“Well,” said the detective, “not very much—I was puzzled—frankly. I should say he had been a rich man, but self-made, and that his good fortune had come to him fairly recently.”
“Ah, you noticed the calluses on the hands—I thought you wouldn’t miss that.”
“Both his feet were badly blistered—he had been wearing tight shoes.”
“Walking a long way in them, too,” said Lord Peter, “to get such blisters as that. Didn’t that strike you as odd, in a person evidently well off?”
“Well, I don’t know. The blisters were two or three days old.
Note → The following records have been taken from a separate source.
(* If $f_0,f_1,\dots,f_t\in F\langle X\rangle$ are $M_n$-locally linearly dependent while $f_1,\dots,f_t$ are $M_n$-locally linearly independent, then there exist central polynomials $c_0,c_1,\dots,c_t$ of $M_n$ such that $c_0$ is not a polynomial identity of $M_n$ and $\sum_{i=0}^tc_if_i$ is a polynomial identity of $M_n$.
   Context: $F$ is a field of characteristic $0$, $M_n=M_n(F)$, $F\langle X\rangle$ the free algebra on noncommuting $X=\{x_1,x_2,\dots\}$. Polynomials $f_1,\dots,f_t\in F\langle x_1,\dots,x_m\rangle$ are $M_n$-locally linearly dependent if $f_1(r_1,\dots,r_m),\dots,f_t(r_1,\dots,r_m)$ are linearly dependent over $F$ for all $r_1,\dots,r_m\in M_n$, and $M_n$-locally linearly independent otherwise. A central polynomial of $M_n$ is an element of $F\langle X\rangle$ all of whose evaluations in $M_n$ are scalar matrices; a polynomial identity is one all of whose evaluations are $0$. *)

From HB Require Import structures.
From mathcomp Require Import all_boot all_order all_algebra.
Set Implicit Arguments. Unset Strict Implicit. Unset Printing Implicit Defensive.
Import Order.TTheory GRing.Theory Num.Theory.
Local Open Scope ring_scope.

(* Noncommutative polynomials in the free algebra F<x_0, x_1, ...>,
   represented as formal finite sums of monomials: a list of pairs
   (coefficient, word), a word being the list of indices of the variables. *)
Definition ncpoly (F : Type) := seq (F * seq nat).

Definition ncadd (F : Type) (p q : ncpoly F) : ncpoly F := p ++ q.

Definition ncmul (F : pzRingType) (p q : ncpoly F) : ncpoly F :=
  [seq (m.1 * m'.1, m.2 ++ m'.2) | m <- p, m' <- q].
He might have got stuck in the suburbs one night, perhaps—last train gone and no taxi—and had to walk home.”
“Possibly.”
“There were some little red marks all over his back and one leg I couldn’t quite account for.”
“I saw them.”
“What did you make of them?”
“I’ll tell you afterwards. Go on.”
“He was very long-sighted—oddly long-sighted for a man in the prime of life; the glasses were like a very old man’s. By the way, they had a very beautiful and remarkable chain of flat links chased with a pattern. It struck me he might be traced through it.”
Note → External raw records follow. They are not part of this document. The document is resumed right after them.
(* Let $\mathcal{X}\subseteq\mathbb{R}^D$, let $k:\mathcal{X}\times\mathcal{X}\to\mathbb{R}$ be an arbitrary positive definite kernel with reproducing kernel Hilbert space $\mathcal{H}_k$, and suppose $s\in\mathcal{H}_k$. Let $\mathbf{X}=\{\mathbf{x}_1,\dots,\mathbf{x}_N\}\subset\mathcal{X}$ and let the measurements be $y_i=s(\mathbf{x}_i)+\epsilon_i$, $i=1,\dots,N$, where the noise is bounded: $\epsilon_i^2<\sigma_\epsilon^2$ for all $i$. Then for every $\mathbf{x}\in\mathcal{X}$, $$E(\mathbf{x}\mid\mathbf{y}_{\mathbf{X}})\le \|s\|_{\mathcal{H}_k}\,P_{\mathbf{X}}(\mathbf{x})+\sqrt{\sigma_\epsilon^2\,N\,\Lambda_k^2(\mathbf{x})},$$ where $P_{\mathbf{X}}(\mathbf{x})=\sqrt{\sigma^2(\mathbf{x},\mathbf{x}\mid\mathbf{y}_{\mathbf{X}})}$ is the power function of $\mathbf{X}$ and $\Lambda_k(\mathbf{x})=\|K_{\mathbf{X}}^{-1}\mathbf{k}_{\mathbf{X}}(\mathbf{x})\|$ (Euclidean norm).
   Context: A function $k:\mathcal{X}\times\mathcal{X}\to\mathbb{R}$ is positive definite if for every finite $\mathbf{X}\subset\mathcal{X}$ the matrix $[K_{\mathbf{X}}]_{i,j}=k(\mathbf{x}_i,\mathbf{x}_j)$ is positive definite. Notation: $[\mathbf{k}_{\mathbf{X}}(\mathbf{x})]_i=k(\mathbf{x},\mathbf{x}_i)$, $[\mathbf{y}_{\mathbf{X}}]_i=y_i$. The (zero-mean prior) Gaussian process regression estimate has mean $\mu(\mathbf{x}\mid\mathbf{y}_{\mathbf{X}})=\mathbf{k}_{\mathbf{X}}^{T}(\mathbf{x})K_{\mathbf{X}}^{-1}\mathbf{y}_{\mathbf{X}}$ and covariance $\sigma^2(\mathbf{x},\mathbf{x}'\mid\mathbf{y}_{\mathbf{X}})=k(\mathbf{x},\mathbf{x}')-\mathbf{k}_{\mathbf{X}}^{T}(\mathbf{x})K_{\mathbf{X}}^{-1}\mathbf{k}_{\mathbf{X}}(\mathbf{x}')$. The deterministic error is $E(\mathbf{x}\mid\mathbf{y}_{\mathbf{X}})=|s(\mathbf{x})-\mu(\mathbf{x}\mid\mathbf{y}_{\mathbf{X}})|$. *)

From HB Require Import structures.
From mathcomp Require Import all_boot all_order all_algebra.
From mathcomp Require Import reals.
Set Implicit Arguments. Unset Strict Implicit. Unset Printing Implicit Defensive.
Import Order.TTheory GRing.Theory Num.Theory.
Local Open Scope ring_scope.

Section Kernels.
Variables (R : realType) (T : Type).

Definition gram (k : T -> T -> R) n (p : 'I_n -> T) : 'M[R]_n :=
  \matrix_(i, j) k (p i) (p j).

Definition pd_kernel (k : T -> T -> R) : Prop :=
  forall n (p : 'I_n -> T), injective p ->
    forall v : 'cV[R]_n, v != 0 -> 0 < (v^T *m gram k p *m v) ord0 ord0.

Definition kvec (k : T -> T -> R) n (p : 'I_n -> T) (x : T) : 'cV[R]_n :=
  \col_i k x (p i).

Definition gp_mean (k : T -> T -> R) n (p : 'I_n -> T) (y : 'cV[R]_n) (x : T) : R :=
  ((kvec k p x)^T *m invmx (gram k p) *m y) ord0 ord0.

Definition gp_cov (k : T -> T -> R) n (p : 'I_n -> T) (x x' : T) : R :=
  k x x' - ((kvec k p x)^T *m invmx (gram k p) *m kvec k p x') ord0 ord0.

Definition power_fun (k : T -> T -> R) n (p : 'I_n -> T) (x : T) : R :=
  Num.sqrt (gp_cov k p x x).

Definition eucl_norm n (v : 'cV[R]_n) : R := Num.sqrt (\sum_i (v i ord0) ^+ 2).

Definition lebesgue_fun (k : T -> T -> R) n (p : 'I_n -> T) (x : T) : R :=
  eucl_norm (invmx (gram k p) *m kvec k p x).

(* By the
   Moore–Aronszajn theorem such a space is unique, namely H_k. *)
Record is_RKHS (k : T -> T -> R) (Hs : (T -> R) -> Prop)
    (ip : (T -> R) -> (T -> R) -> R) : Prop := {
  rkhs_0 : Hs (fun _ => 0);
  rkhs_lin : forall (a : R) f g, Hs f -> Hs g -> Hs (fun t => a * f t + g t);
  rkhs_sym : forall f g, Hs f -> Hs g -> ip f g = ip g f;
  rkhs_linl : forall (a : R) f g h, Hs f -> Hs g -> Hs h ->
      ip (fun t => a * f t + g t) h = a * ip f h + ip g h;
  rkhs_pos : forall f, Hs f -> 0 <= ip f f;
  rkhs_def : forall f, Hs f -> ip f f = 0 -> f = (fun _ => 0);
  rkhs_complete : forall u : nat -> T -> R, (forall m, Hs (u m)) ->
      (forall e : R, 0 < e -> exists M, forall m n, (M <= m)%N -> (M <= n)%N ->
          Num.sqrt (ip (fun t => u m t - u n t) (fun t => u m t - u n t)) < e) ->
      exists f, Hs f /\ forall e : R, 0 < e -> exists M, forall n, (M <= n)%N ->
          Num.sqrt (ip (fun t => u n t - f t) (fun t => u n t - f t)) < e;
  rkhs_kmem : forall x, Hs (fun t => k t x);
  rkhs_repr : forall f x, Hs f -> ip f (fun t => k t x) = f x
}.

Definition rkhs_norm (ip : (T -> R) -> (T -> R) -> R) (f : T -> R) : R :=
  Num.sqrt (ip f f).

End Kernels.

From HB Require Import structures.
From mathcomp Require Import all_boot all_order all_algebra.
From mathcomp Require Import reals.
From mathcomp Require Import ring lra.
From mathcomp Require Import boolp.
Set Implicit Arguments. Unset Strict Implicit. Unset Printing Implicit Defensive.

Import Order.TTheory GRing.Theory Num.Theory.
Local Open Scope ring_scope.

(** Write [w = K_X^{-1} k_X(x)], so that the posterior mean is [sum_i w_i y_i].
  The error functional [f |-> f x - sum_i w_i f (x_i)] is represented in the
  RKHS by [g = k(., x) - sum_i w_i k(., x_i)], and [<g, g> = sigma^2(x, x)]
  because [g] vanishes on [X].  Hence the noiseless part of the error is
  [<s, g>], bounded by [||s|| P_X(x)] (Cauchy-Schwarz in [H_k]), and the
  noise part is [sum_i w_i eps_i], bounded by [Lambda_k(x) sqrt(N sigma_eps^2)]
  (Cauchy-Schwarz in [R^N]). *)

Lemma ge0_quadratic_norm_le (R : rcfType) (A B C : R) :
  (forall t, 0 <= A * t ^+ 2 + 2 * B * t + C) -> 0 <= A -> 0 <= C ->
  `|B| <= Num.sqrt A * Num.sqrt C.
Proof.
move=> quad_ge0 A_ge0 C_ge0.
suff B2_le : B ^+ 2 <= A * C.
  by rewrite -sqrtrM // -sqrtr_sqr ler_wsqrtr.
have [A0|A_neq0] := eqVneq A 0.
  have [->|B_neq0] := eqVneq B 0; first by rewrite expr0n /= mulr_ge0.
  have := quad_ge0 (- (C + 1) / (2 * B)).
  have -> : 2 * B * (- (C + 1) / (2 * B)) = - (C + 1) by field.
  rewrite A0; lra.
have A_gt0 : 0 < A by rewrite lt_def A_neq0.
have := quad_ge0 (- B / A).
have -> : A * (- B / A) ^+ 2 + 2 * B * (- B / A) + C = C - B ^+ 2 / A by field.
by rewrite subr_ge0 ler_pdivrMr // mulrC.
Qed.

Section EuclideanNorm.
Variables (R : realType) (n : nat).
Implicit Types (u v : 'cV[R]_n).

Lemma eucl_norm_cauchy_schwarz u v :
  `|\sum_i u i ord0 * v i ord0| <= eucl_norm u * eucl_norm v.
Proof.
apply: ge0_quadratic_norm_le; try by apply: sumr_ge0 => i _; exact: sqr_ge0.
move=> t; rewrite mulr_suml mulr_sumr mulr_suml -!big_split /=.
apply: sumr_ge0 => i _.
have -> : u i ord0 ^+ 2 * t ^+ 2 + 2 * (u i ord0 * v i ord0) * t + v i ord0 ^+ 2
  = (u i ord0 * t + v i ord0) ^+ 2 by ring.
exact: sqr_ge0.
Qed.

Lemma eucl_norm_le v (c : R) :
  (forall i, v i ord0 ^+ 2 <= c) -> eucl_norm v <= Num.sqrt (c * n%:R).
Proof.
move=> v_le; apply: ler_wsqrtr.
have -> : c * n%:R = \sum_(i < n) c by rewrite sumr_const card_ord mulr_natr.
exact: ler_sum.
Qed.

End EuclideanNorm.

Section RKHS.
Variables (R : realType) (T : Type) (k : T -> T -> R).
Variables (Hs : (T -> R) -> Prop) (ip : (T -> R) -> (T -> R) -> R).
Hypothesis HR : is_RKHS k Hs ip.

Lemma rkhs_ip0l h : Hs h -> ip (fun _ => 0) h = 0.
Proof.
move=> Hh; have := rkhs_linl HR 1 (rkhs_0 HR) (rkhs_0 HR) Hh.
have -> : (fun t : T => 1 * (fun _ : T => 0 : R) t + (fun _ : T => 0) t) =
           (fun _ => 0).
  by apply: funext => t; rewrite mul1r addr0.
by rewrite mul1r; lra.
Qed.

Lemma rkhs_ip_kl z h : Hs h -> ip (fun t => k t z) h = h z.
Proof. by move=> Hh; rewrite (rkhs_sym HR (rkhs_kmem HR z) Hh) (rkhs_repr HR). Qed.

Lemma rkhs_kernel_sym u v : k u v = k v u.
Proof.
by rewrite -(rkhs_ip_kl u (rkhs_kmem HR v)) (rkhs_repr HR _ (rkhs_kmem HR u)).
Qed.

Lemma rkhs_sub_mem f g : Hs f -> Hs g -> Hs (fun t => f t - g t).
Proof.
move=> Hf Hg; have := rkhs_lin HR (-1) Hg Hf.
have -> // : (fun t => -1 * g t + f t) = (fun t => f t - g t).
by apply: funext => t; rewrite mulN1r addrC.
Qed.

Lemma rkhs_ip_subl f g h : Hs f -> Hs g -> Hs h ->
  ip (fun t => f t - g t) h = ip f h - ip g h.
Proof.
move=> Hf Hg Hh; have := rkhs_linl HR (-1) Hg Hf Hh.
have -> : (fun t => -1 * g t + f t) = (fun t => f t - g t).
  by apply: funext => t; rewrite mulN1r addrC.
by rewrite mulN1r addrC.
Qed.

Section LinearCombination.
Variables (I : Type) (c : I -> R) (F : I -> T -> R).
Hypothesis HF : forall i, Hs (F i).

Let sum_cons i r' :
  (fun t => \sum_(j <- i :: r') c j * F j t) =
  (fun t => c i * F i t + \sum_(j <- r') c j * F j t).
Proof. by apply: funext => t; rewrite big_cons. Qed.

Let sum_nil : (fun t => \sum_(j <- [::]) c j * F j t) = (fun _ => 0).
Proof. by apply: funext => t; rewrite big_nil. Qed.

Lemma rkhs_sum_mem r : Hs (fun t => \sum_(i <- r) c i * F i t).
Proof.
elim: r => [|i r' IH].
  by rewrite sum_nil; exact: (rkhs_0 HR).
by rewrite sum_cons; exact: (rkhs_lin HR (c i) (HF i) IH).
Qed.

Lemma rkhs_ip_suml r h : Hs h ->
  ip (fun t => \sum_(i <- r) c i * F i t) h = \sum_(i <- r) c i * ip (F i) h.
Proof.
move=> Hh; elim: r => [|i r' IH].
  by rewrite sum_nil big_nil rkhs_ip0l.
by rewrite sum_cons (rkhs_linl HR _ (HF i) (rkhs_sum_mem r') Hh) IH big_cons.
Qed.

End LinearCombination.

Lemma rkhs_cauchy_schwarz f g : Hs f -> Hs g ->
  `|ip f g| <= rkhs_norm ip f * rkhs_norm ip g.
Proof.
move=> Hf Hg; rewrite mulrC.
apply: ge0_quadratic_norm_le; last 2 first.
- exact: (rkhs_pos HR Hg).
- exact: (rkhs_pos HR Hf).
move=> t; have Htgf := rkhs_lin HR t Hg Hf.
have := rkhs_pos HR Htgf.
rewrite (rkhs_linl HR t Hg Hf Htgf) (rkhs_sym HR Hg Htgf) (rkhs_sym HR Hf Htgf).
rewrite (rkhs_linl HR t Hg Hf Hg) (rkhs_linl HR t Hg Hf Hf) (rkhs_sym HR Hg Hf).
by congr (0 <= _); ring.
Qed.

End RKHS.

Section Interpolation.
Variables (R : realType) (T : Type) (k : T -> T -> R) (n : nat) (p : 'I_n -> T).

Lemma gram_unitmx : pd_kernel k -> injective p -> gram k p \in unitmx.
Proof.
move=> k_pd p_inj; rewrite unitmxE unitfE; apply/det0P => -[v v_neq0 vK].
have := k_pd n p p_inj v^T; rewrite trmx_eq0 => /(_ v_neq0).
by rewrite trmxK vK mul0mx mxE ltxx.
Qed.

Lemma trmx_gram : (forall u v, k u v = k v u) -> (gram k p)^T = gram k p.
Proof. by move=> k_sym; apply/matrixP => i j; rewrite !mxE k_sym. Qed.

Definition interp_weights x : 'cV[R]_n := invmx (gram k p) *m kvec k p x.

Lemma gram_mul_interp_weights x :
  gram k p \in unitmx -> gram k p *m interp_weights x = kvec k p x.
Proof. by move=> K_unit; rewrite mulmxA mulmxV // mul1mx. Qed.

Lemma gp_mean_interp_weights y x : (gram k p)^T = gram k p ->
  gp_mean k p y x = \sum_i interp_weights x i ord0 * y i ord0.
Proof.
move=> K_sym; rewrite /gp_mean.
have -> : (kvec k p x)^T *m invmx (gram k p) = (interp_weights x)^T.
  by rewrite trmx_mul trmx_inv K_sym.
by rewrite mxE; apply: eq_bigr => i _; rewrite mxE.
Qed.

Lemma gp_cov_interp_weights x :
  gp_cov k p x x = k x x - \sum_i interp_weights x i ord0 * k x (p i).
Proof.
rewrite /gp_cov -mulmxA mxE; congr (_ - _).
by apply: eq_bigr => i _; rewrite !mxE mulrC.
Qed.

Definition error_representer x : T -> R :=
  fun t => k t x - \sum_i interp_weights x i ord0 * k t (p i).

Variables (Hs : (T -> R) -> Prop) (ip : (T -> R) -> (T -> R) -> R).
Hypothesis HR : is_RKHS k Hs ip.
Variable x : T.

Lemma error_representer_mem : Hs (error_representer x).
Proof.
have Hk i : Hs (fun t => k t (p i)) by exact: (rkhs_kmem HR).
exact: (rkhs_sub_mem HR (rkhs_kmem HR x) (rkhs_sum_mem HR _ Hk _)).
Qed.

Lemma ip_error_representer h : Hs h ->
  ip (error_representer x) h = h x - \sum_i interp_weights x i ord0 * h (p i).
Proof.
move=> Hh; have Hk i : Hs (fun t => k t (p i)) by exact: (rkhs_kmem HR).
rewrite (rkhs_ip_subl HR (rkhs_kmem HR x) (rkhs_sum_mem HR _ Hk _) Hh).
rewrite (rkhs_ip_kl HR _ Hh) (rkhs_ip_suml HR _ Hk _ Hh).
by congr (_ - _); apply: eq_bigr => i _; rewrite (rkhs_ip_kl HR _ Hh).
Qed.

Lemma error_representer_pts j :
  gram k p \in unitmx -> error_representer x (p j) = 0.
Proof.
move=> /(gram_mul_interp_weights x)/matrixP/(_ j ord0).
rewrite !mxE => Kw; rewrite /error_representer -(rkhs_kernel_sym HR x) -Kw.
by apply/eqP; rewrite subr_eq0; apply/eqP/eq_bigr => i _; rewrite mxE mulrC.
Qed.

Lemma ip_error_representer_self :
  gram k p \in unitmx ->
  ip (error_representer x) (error_representer x) = gp_cov k p x x.
Proof.
move=> K_unit; rewrite (ip_error_representer error_representer_mem).
rewrite big1 ?subr0 ?gp_cov_interp_weights //.
by move=> i _; rewrite error_representer_pts // mulr0.
Qed.

End Interpolation.

Theorem theorem1 (R : realType) (D : nat) (Xs : 'rV[R]_D -> Prop)
  (k : {x : 'rV[R]_D | Xs x} -> {x : 'rV[R]_D | Xs x} -> R)
  (Hs : ({x : 'rV[R]_D | Xs x} -> R) -> Prop)
  (ip : ({x : 'rV[R]_D | Xs x} -> R) -> ({x : 'rV[R]_D | Xs x} -> R) -> R)
  (s : {x : 'rV[R]_D | Xs x} -> R)
  (N : nat) (pts : 'I_N -> {x : 'rV[R]_D | Xs x})
  (eps : 'I_N -> R) (y : 'cV[R]_N) (sig_eps : R) :
  pd_kernel k ->
  is_RKHS k Hs ip ->
  Hs s ->
  injective pts ->
  (forall i, y i ord0 = s (pts i) + eps i) ->
  (forall i, eps i ^+ 2 < sig_eps ^+ 2) ->
  forall x : {x : 'rV[R]_D | Xs x},
    `|s x - gp_mean k pts y x| <=
      rkhs_norm ip s * power_fun k pts x
      + Num.sqrt (sig_eps ^+ 2 * N%:R * lebesgue_fun k pts x ^+ 2).
Proof.
move=> k_pd HR Hs_s pts_inj y_def eps_lt x.
have K_unit := gram_unitmx k_pd pts_inj.
have K_sym := trmx_gram pts (rkhs_kernel_sym HR).
have -> : s x - gp_mean k pts y x =
    ip (error_representer k pts x) s
    - \sum_i interp_weights k pts x i ord0 * (\col_i eps i) i ord0.
  rewrite gp_mean_interp_weights // (ip_error_representer pts HR x Hs_s).
  under eq_bigr do rewrite y_def mulrDr.
  rewrite big_split opprD addrA; congr (_ - _).
  by apply: eq_bigr => i _; rewrite mxE.
apply: le_trans (ler_normB _ _) _; apply: lerD.
  rewrite /power_fun -(ip_error_representer_self HR x K_unit) mulrC.
  exact: (rkhs_cauchy_schwarz HR (error_representer_mem pts HR x) Hs_s).
apply: le_trans (eucl_norm_cauchy_schwarz _ _) _.
have noise_ge0 : 0 <= sig_eps ^+ 2 * N%:R by rewrite mulr_ge0 ?sqr_ge0.
rewrite /lebesgue_fun sqrtrM // sqrtr_sqr.
rewrite ger0_norm ?sqrtr_ge0 // mulrC; apply: ler_wpM2r; first exact: sqrtr_ge0.
by apply: eucl_norm_le => i; rewrite mxE ltW.
Qed.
“I’ve just put an advertisement in the Times about it,” said Lord Peter. “Go on.”
“He had had the glasses some time—they had been mended twice.”
“Beautiful, Parker, beautiful. Did you realize the importance of that?”
“Not specially, I’m afraid—why?”
“Never mind—go on.”
“He was probably a sullen, ill-tempered man—his nails were filed down to the quick as though he habitually bit them, and his fingers were bitten as well. He smoked quantities of cigarettes without a holder. He was particular about his personal appearance.”
“Did you examine the room at all? I didn’t get a chance.”
“I couldn’t find much in the way of footprints. Sugg & Co. had tramped all over the place, to say nothing of little Thipps and the maid, but I noticed a very indefinite patch just behind the head of the bath, as though something damp might have stood there. You could hardly call it a print.”
“It rained hard all last night, of course.”
“Yes; did you notice that the soot on the windowsill was vaguely marked?”
“I did,” said Wimsey, “and I examined it hard with this little fellow, but I could make nothing of it except that something or other had rested on the sill.” He drew out his monocle and handed it to Parker.
“My word, that’s a powerful lens.”
“It is,” said Wimsey, “and jolly useful when you want to take a good squint at somethin’ and look like a bally fool all the time. Only it don’t do to wear it permanently—if people see you full-face they say: ‘Dear me! how weak the sight of that eye must be!’ Still, it’s useful.”
“Sugg and I explored the ground at the back of the building,” went on Parker, “but there wasn’t a trace.”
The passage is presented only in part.